Игнатьич, хромой, немолодой Игнатьич, шёл рядом и работал коротко и деловито, как работают лопатой. В конце траншеи сидел на дне пожилой немец без каски, с седой щетиной, и держал перед собой поднятые руки, и что-то повторял. Тамбовский прошёл мимо.

Он прошёл мимо и потом, вспоминая, каждый раз спотыкался об это место, потому что не мог себе объяснить, почему прошёл. Милосердия не было. Была работа, и в работе этот старик просто не значился.

К девяти вторая линия была взята. Он сидел на бруствере, тяжело дыша, и смотрел назад, на поле, которое перебежал. Оно было всё в воронках и всё в лежащих. Их было много. Он поискал глазами и не нашёл ни одного знакомого лица среди тех, что лежали ближе, и от этого стало легче, а потом стыдно за это облегчение.

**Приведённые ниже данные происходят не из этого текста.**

(* For an ideal $\mathcal{I}$ on $\omega$, the following are equivalent: (1) Player I does not have a winning strategy in the tallness* game with respect to $\mathcal{I}$; (2) for every sequence $\langle X_n:n\in\omega\rangle$ of elements of $\mathcal{I}^+$ there is $I\in\mathcal{I}$ such that $I\cap X_n$ is infinite for every $n\in\omega$.
   Context: Ideals on $\omega$ are assumed to contain all finite sets; $\mathcal{I}^+=\mathcal{P}(\omega)\setminus\mathcal{I}$. Tallness* game with respect to $\mathcal{I}$: at round $k$, Player I plays $n_k\in\omega$ with $n_0<n_1<\cdots$, then Player II plays $i_k\in\{0,1\}$. Player II wins iff either $\{n_k:k\in\omega\}\in\mathcal{I}$, or ($\{n_k:k\in\omega\}\in\mathcal{I}^+$ and $\{n_k:i_k=1\}$ is infinite and belongs to $\mathcal{I}$). *)

From mathcomp Require Import all_boot.
Set Implicit Arguments. Unset Strict Implicit. Unset Printing Implicit Defensive.

Definition nset := nat -> Prop.

Definition subset_nat (A B : nset) : Prop := forall n, A n -> B n.

Definition finite_nat (A : nset) : Prop := exists m, forall n, A n -> n < m.
Definition infinite_nat (A : nset) : Prop := ~ finite_nat A.

Record is_ideal (I : nset -> Prop) : Prop := {
  ideal_fin   : forall A, finite_nat A -> I A;
  ideal_sub   : forall A B, I B -> subset_nat A B -> I A;
  ideal_union : forall A B, I A -> I B -> I (fun n => A n \/ B n);
  ideal_proper : ~ I (fun _ => True) }.

Definition positive (I : nset -> Prop) (X : nset) : Prop := ~ I X.

(* A strategy for Player I in the tallness* game: the k-th move of Player I
   as a function of the k previous moves of Player II. *)
Definition stratI := seq bool -> nat.

Definition legal_stratI (sigma : stratI) : Prop :=
  forall (s : seq bool) (b : bool), sigma s < sigma (rcons s b).

Definition playI (sigma : stratI) (i : nat -> bool) (k : nat) : nat :=
  sigma (mkseq i k).

Definition played_set (sigma : stratI) (i : nat -> bool) : nset :=
  fun n => exists k, playI sigma i k = n.

Definition chosen_set (sigma : stratI) (i : nat -> bool) : nset :=
  fun n => exists k, i k = true /\ playI sigma i k = n.

Definition II_wins (I : nset -> Prop) (sigma : stratI) (i : nat -> bool) : Prop :=
  I (played_set sigma i) \/
  (positive I (played_set sigma i) /\
   infinite_nat (chosen_set sigma i) /\ I (chosen_set sigma i)).

Definition I_has_winning_strategy (I : nset -> Prop) : Prop :=
  exists sigma : stratI, legal_stratI sigma /\
    forall i : nat -> bool, ~ II_wins I sigma i.

From mathcomp Require Import all_boot zify.
From Stdlib Require Import Classical ClassicalEpsilon.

Игнатьич сел рядом, вытянув больную ногу.

— Ну вот, — сказал он. Голос был сорванный. — Вот это, Гриди, называется прорыв. Не то что мы там месяц ковыряли.

— Дальше пойдём?

— Не мы. Вон те пойдут. — Он мотнул головой назад.

Тамбовский обернулся. По полю, по тому самому, которое они только что перебежали пешком, шла лавина. Она шла широко, поднимая тучу пыли, и в пыли катились танки — не десятки, а сотни, и между ними машины, и на машинах пехота, и орудия на прицепах, и опять танки. Они шли туда, где всё ещё стояла и не оседала стена дыма.

Тамбовский смотрел на это, открыв рот, и вдруг понял простую вещь, которой не понимал за всю войну — ни на Буге, ни на Днестре. Вся эта масса шла сюда неделю по ночам. Пряталась в лесах, не разжигала огня, ждала. Ждала, пока они, пехота, взломают немцу первые две линии. И ради этого их месяц держали на плацдарме, за сорок километров отсюда, чтобы немец глядел туда.

— Игнатьич, — сказал он. — А немец-то нас тут не ждал.

— Не ждал, — согласился Игнатьич. — Он на плацдарме ждал. Там теперь его танки стоят и ждут, а мы вот они, тут.

— И чего он теперь?

Игнатьич посмотрел на лавину, идущую в дым, и коротко, некрасиво усмехнулся.

— А теперь ему, Гриди, будет очень плохо.